ENFERMAGEM E OS DESAFIOS DA DOCÊNCIA

Luciane Sá de ANDRADE, Marlene Fagundes Carvalho GONÇALVES, Escola de Enfermagem de Ribeirão Preto da Universidade de São Paulo - EERP/USP Eixo 02 - Formação continuada e desenvolvimento profissional de professores da educação básica CNPq Universal e CAPES - Pró-Ensino na Saúde E-mail: lucianeandrade@eerp.usp.br 1. Introdução

O curso de Licenciatura oferece um diferencial para o enfermeiro que tem como possibilidade, além de instituições de saúde, o trabalho em escolas técnicas de formação de técnicos de enfermagem.

Este trabalho busca analisar os desafios enfrentados por egressos de um Curso de Licenciatura em Enfermagem para o desenvolvimento de atividades no campo da docência.

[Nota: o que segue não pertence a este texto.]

(* Let $\Omega\subset\mathbb{R}^2$ be open and $\gamma:\Omega\to\mathbb{R}^2$ a smooth map satisfying $\gamma_{,tt}=\gamma_{,ss}$, $\langle\gamma_{,t},\gamma_{,s}\rangle = 0$ and $|\gamma_{,t}|^2+|\gamma_{,s}|^2=1$, and let $\mathcal{S}$ be the ``timelike maximal'' surface $\{(t,\gamma(t,s))\}\subset\mathbb{R}^{1+2}$. Suppose $(t_0,s_0)\in\Omega$ satisfies $\gamma_{,s}(t_0,s_0)=0$ and $\gamma_{,ts}(t_0,s_0)\neq0$. Then locally around $(t_0,s_0)$ the singularities of $\mathcal{S}$ (the points where $\gamma_{,s}=0$) lie along the null curve $s\mapsto(T(s),\gamma(T(s),s))$, where $T$ solves \[ T'(s) = -\frac{\langle\gamma_{,ss}(T(s),s),\gamma_{,ts}(T(s),s)\rangle}{|\gamma_{,ts}(T(s),s)|^2},\qquad T(s_0)=t_0. \] Furthermore, if $\gamma_{,ss}(t_0,s_0)=0$ and $\gamma_{,sss}(t_0,s_0)\neq0$, then these singularities are cusps (except possibly $\gamma(t_0,s_0)$), and the curve $s\mapsto(T(s),\gamma(T(s),s))$ lies entirely in the past of $t_0$ if $\langle\gamma_{,sss},\gamma_{,ts}\rangle(t_0,s_0)>0$ and entirely in the future if $\langle\gamma_{,sss},\gamma_{,ts}\rangle(t_0,s_0)<0$, and it splits into two null curves which join together at $(t_0,\gamma(t_0,s_0))$ as a cusp.
   Context: $\mathbb{R}^{1+2}$ is Minkowski space with metric $-dt^2+|dx|^2$; subscripts after commas denote partial derivatives; $\langle\cdot,\cdot\rangle$ is the Euclidean inner product on $\mathbb{R}^2$. *)

From Stdlib Require Import Reals List.
From Coquelicot Require Import Coquelicot.
Open Scope R_scope.

Inductive pdir := Dt | Ds.

(* Iterated partial derivative of a scalar function f(t,s):
   pd (d1 :: d2 :: ... :: dk :: nil) f = d_{d1} d_{d2} ... d_{dk} f. *)
Fixpoint pd (w : list pdir) (f : R -> R -> R) {struct w} : R -> R -> R :=
  match w with
  | nil => f
  | Dt :: w' => fun t s => Derive (fun u => pd w' f u s) t
  | Ds :: w' => fun t s => Derive (fun u => pd w' f t u) s
  end.

Definition smooth_on (Om : R * R -> Prop) (f : R -> R -> R) : Prop :=
  forall (w : list pdir) (t s : R), Om (t, s) ->
    ex_derive (fun u => pd w f u s) t /\
    ex_derive (fun u => pd w f t u) s /\
    continuous (fun p : R * R => pd w f (fst p) (snd p)) (t, s).

Definition gam1 (g : R -> R -> R * R) : R -> R -> R := fun t s => fst (g t s).
Definition gam2 (g : R -> R -> R * R) : R -> R -> R := fun t s => snd (g t s).

Definition smooth_map (Om : R * R -> Prop) (g : R -> R -> R * R) : Prop :=
  smooth_on Om (gam1 g) /\ smooth_on Om (gam2 g).

Definition pdv (w : list pdir) (g : R -> R -> R * R) (t s : R) : R * R :=
  (pd w (gam1 g) t s, pd w (gam2 g) t s).

Definition ip (u v : R * R) : R := fst u * fst v + snd u * snd v.
Definition nrm2 (u : R * R) : R := ip u u.
Definition det2 (u v : R * R) : R := fst u * snd v - snd u * fst v.

Definition singular (g : R -> R -> R * R) (t s : R) : Prop :=
  pdv (Ds :: nil) g t s = (0, 0).

(* Components of the space-time curve s |-> (T(s), gamma(T(s), s)) in R^{1+2}. *)
Definition crv0 (T : R -> R) : R -> R := T.
Definition crv1 (T : R -> R) (g : R -> R -> R * R) : R -> R := fun u => fst (g (T u) u).
Definition crv2 (T : R -> R) (g : R -> R -> R * R) : R -> R := fun u => snd (g (T u) u).

Definition null_at (T : R -> R) (g : R -> R -> R * R) (s : R) : Prop :=
  - (Derive (crv0 T) s) ^ 2 + (Derive (crv1 T g) s) ^ 2 + (Derive (crv2 T g) s) ^ 2 = 0.

(* The time-slice curve sigma |-> gamma(t, sigma) has an ordinary (A2) cusp
   at sigma = s: it is singular there and gamma_ss, gamma_sss are linearly
   independent. *)
Definition plane_cusp (g : R -> R -> R * R) (t s : R) : Prop :=
  singular g t s /\
  det2 (pdv (Ds :: Ds :: nil) g t s) (pdv (Ds :: Ds :: Ds :: nil) g t s) <> 0.

(* The space-time curve c(s) = (T(s), gamma(T(s), s)) has an ordinary cusp at
   s = s0: c'(s0) = 0 and c''(s0), c'''(s0) are linearly independent in R^3. *)
Definition spacetime_cusp (T : R -> R) (g : R -> R -> R * R) (s0 : R) : Prop :=
  Derive (crv0 T) s0 = 0 /\ Derive (crv1 T g) s0 = 0 /\ Derive (crv2 T g) s0 = 0 /\
  forall a b : R,
    a * Derive_n (crv0 T) 2 s0 + b * Derive_n (crv0 T) 3 s0 = 0 ->
    a * Derive_n (crv1 T g) 2 s0 + b * Derive_n (crv1 T g) 3 s0 = 0 ->
    a * Derive_n (crv2 T g) 2 s0 + b * Derive_n (crv2 T g) 3 s0 = 0 ->
    a = 0 /\ b = 0.

(* Where g_s = 0, the hypotheses <g_t, g_s> = 0 and |g_t|^2 + |g_s|^2 = 1
   force |g_t| = 1 and <g_t, g_ts> = 0, so det(g_t, g_s), which vanishes exactly where g_s
   does, has t-derivative det(g_t, g_ts) = +-|g_ts| <> 0.  The implicit function theorem
   describes the singular set as a smooth graph t = T(s); differentiating g_s(T(s), s) = 0
   gives g_ts T' + g_ss = 0, hence the equation for T, and |g_t| = 1 makes the curve
   (T, g(T, s)) null.  If moreover g_ss(t0,s0) = 0, then T'(s0) = 0 and one more derivative
   gives g_ts T''(s0) = - g_sss(t0,s0), so T has a strict extremum at s0 whose type is given
   by the sign of <g_sss, g_ts>.  Differentiating <g_t, g_s> = 0 twice in s yields
   <g_t, g_sss> = 2 T' |g_ts|^2 on the singular curve, which makes det(g_ss, g_sss) nonzero
   wherever T' <> 0: the time slices have ordinary cusps there. *)

From Stdlib Require Import Reals List Lra Psatz ClassicalEpsilon Ranalysis5.
From Coquelicot Require Import Coquelicot.
Open Scope R_scope.

(** * Smooth functions of two variables *)

Definition dt (F : R -> R -> R) : R -> R -> R := fun t s => Derive (fun z => F z s) t.
Definition ds (F : R -> R -> R) : R -> R -> R := fun t s => Derive (fun z => F t z) s.
(* [pd (Dt :: w) f] and [pd (Ds :: w) f] are convertible to [dt (pd w f)] and [ds (pd w f)]. *)

Definition Cn (V : R * R -> Prop) (n : nat) (F : R -> R -> R) : Prop :=
  forall t s, V (t, s) -> ex_diff_n F n t s.
Definition Cinf (V : R * R -> Prop) (F : R -> R -> R) : Prop := forall n, Cn V n F.

Lemma locally_2d_open (V : R * R -> Prop) t s :
  open V -> V (t, s) -> locally_2d (fun u v => V (u, v)) t s.
Proof.
  intros HV H. apply locally_2d_locally.
  eapply filter_imp; [|exact (HV _ H)]. now intros [a b].
Qed.

Lemma locally_2d_open_sub (V : R * R -> Prop) (P : R -> R -> Prop) t s :
  open V -> V (t, s) -> (forall u v, V (u, v) -> P u v) -> locally_2d P t s.
Proof.
  intros HV H HP. apply (locally_2d_impl (fun u v => V (u, v))).
  - apply locally_2d_forall. exact HP.
  - now apply locally_2d_open.
Qed.
(* Let $H=(E,\{X_i:i\in[n]\})$ be a hypergraph such that $|X_i\cap X_j|\le1$ for all distinct $i,j\in[n]$, the line graph $G_H$ is complete, and for all distinct $p,q\in[n]$ there are elements $a\in X_p$ and $b\in X_q$ such that no $i\in[n]$ has $\{a,b\}\subseteq X_i$. Let $\rho(A)=\sum_{i=1}^n\min\{|A\cap X_i|,1\}$ for $A\subseteq E$. Let $\sigma$ be any polymatroid on $E$ with $\sigma(A)=\rho(A)$ whenever either $|A|\le2$, or $|A|=3$ and $A\subseteq X_i$ for some $i\in[n]$. If $\sigma(E)<n$, then $\sigma$ is indecomposable. In particular, the truncation $T(\rho,s)$ is indecomposable whenever $$\max\{\rho(A): |A|\le2\text{ or }A\text{ is a }3\text{-element subset of a hyperedge}\}\le s<n.$$
   Context: A polymatroid on a finite set $E$ is a function $\rho:2^E\to\mathbb{Z}$ that is normalized, non-decreasing and submodular. A hypergraph is $H=(E,\mathcal{E})$ with $E$ finite and $\mathcal{E}=\{X_i:i\in[n]\}$ a set of nonempty subsets of $E$. The line graph $G_H$ has vertex set $[n]$ with $ij$ an edge iff $i\ne j$ and $X_i\cap X_j\ne\emptyset$. A polymatroid is indecomposable if it cannot be written as a sum $r_{M_1}+\cdots+r_{M_k}$ of rank functions of matroids on its ground set for any $k$. The truncation $T(\rho,s)$ is the polymatroid $X\mapsto\min\{\rho(X),s\}$. *)

From mathcomp Require Import all_boot all_order all_algebra.
Set Implicit Arguments. Unset Strict Implicit. Unset Printing Implicit Defensive.
Import GRing.Theory Num.Theory.
Local Open Scope ring_scope.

A pesquisa tem como participantes egressos do Curso de Bacharelado e Licenciatura em Enfermagem de Ribeirão Preto da Universidade de São Paulo – EERP/USP.

Este trabalho parte da necessidade de se realizar estudos focando a articulação entre a formação recebida pelos professores e as condições concretas de realização do trabalho deste professor, já no contexto do mercado de trabalho, após sua formação (TARDIF, 2005).

2. Percurso metodológico

Este trabalho fundamenta-se numa abordagem qualitativa de pesquisa, em que o olhar do sujeito para os processos que vivencia fornece ao pesquisador possibilidades de interpretação do fenômeno estudado a partir da base teórica construída num campo científico (MINAYO, 2014).

Foi realizado um estudo descritivo exploratório, numa abordagem qualitativa com dados coletados por entrevistas semiestruturadas com egressos da primeira turma formada pelo curso de Bacharelado e Licenciatura em Enfermagem da EERP-USP.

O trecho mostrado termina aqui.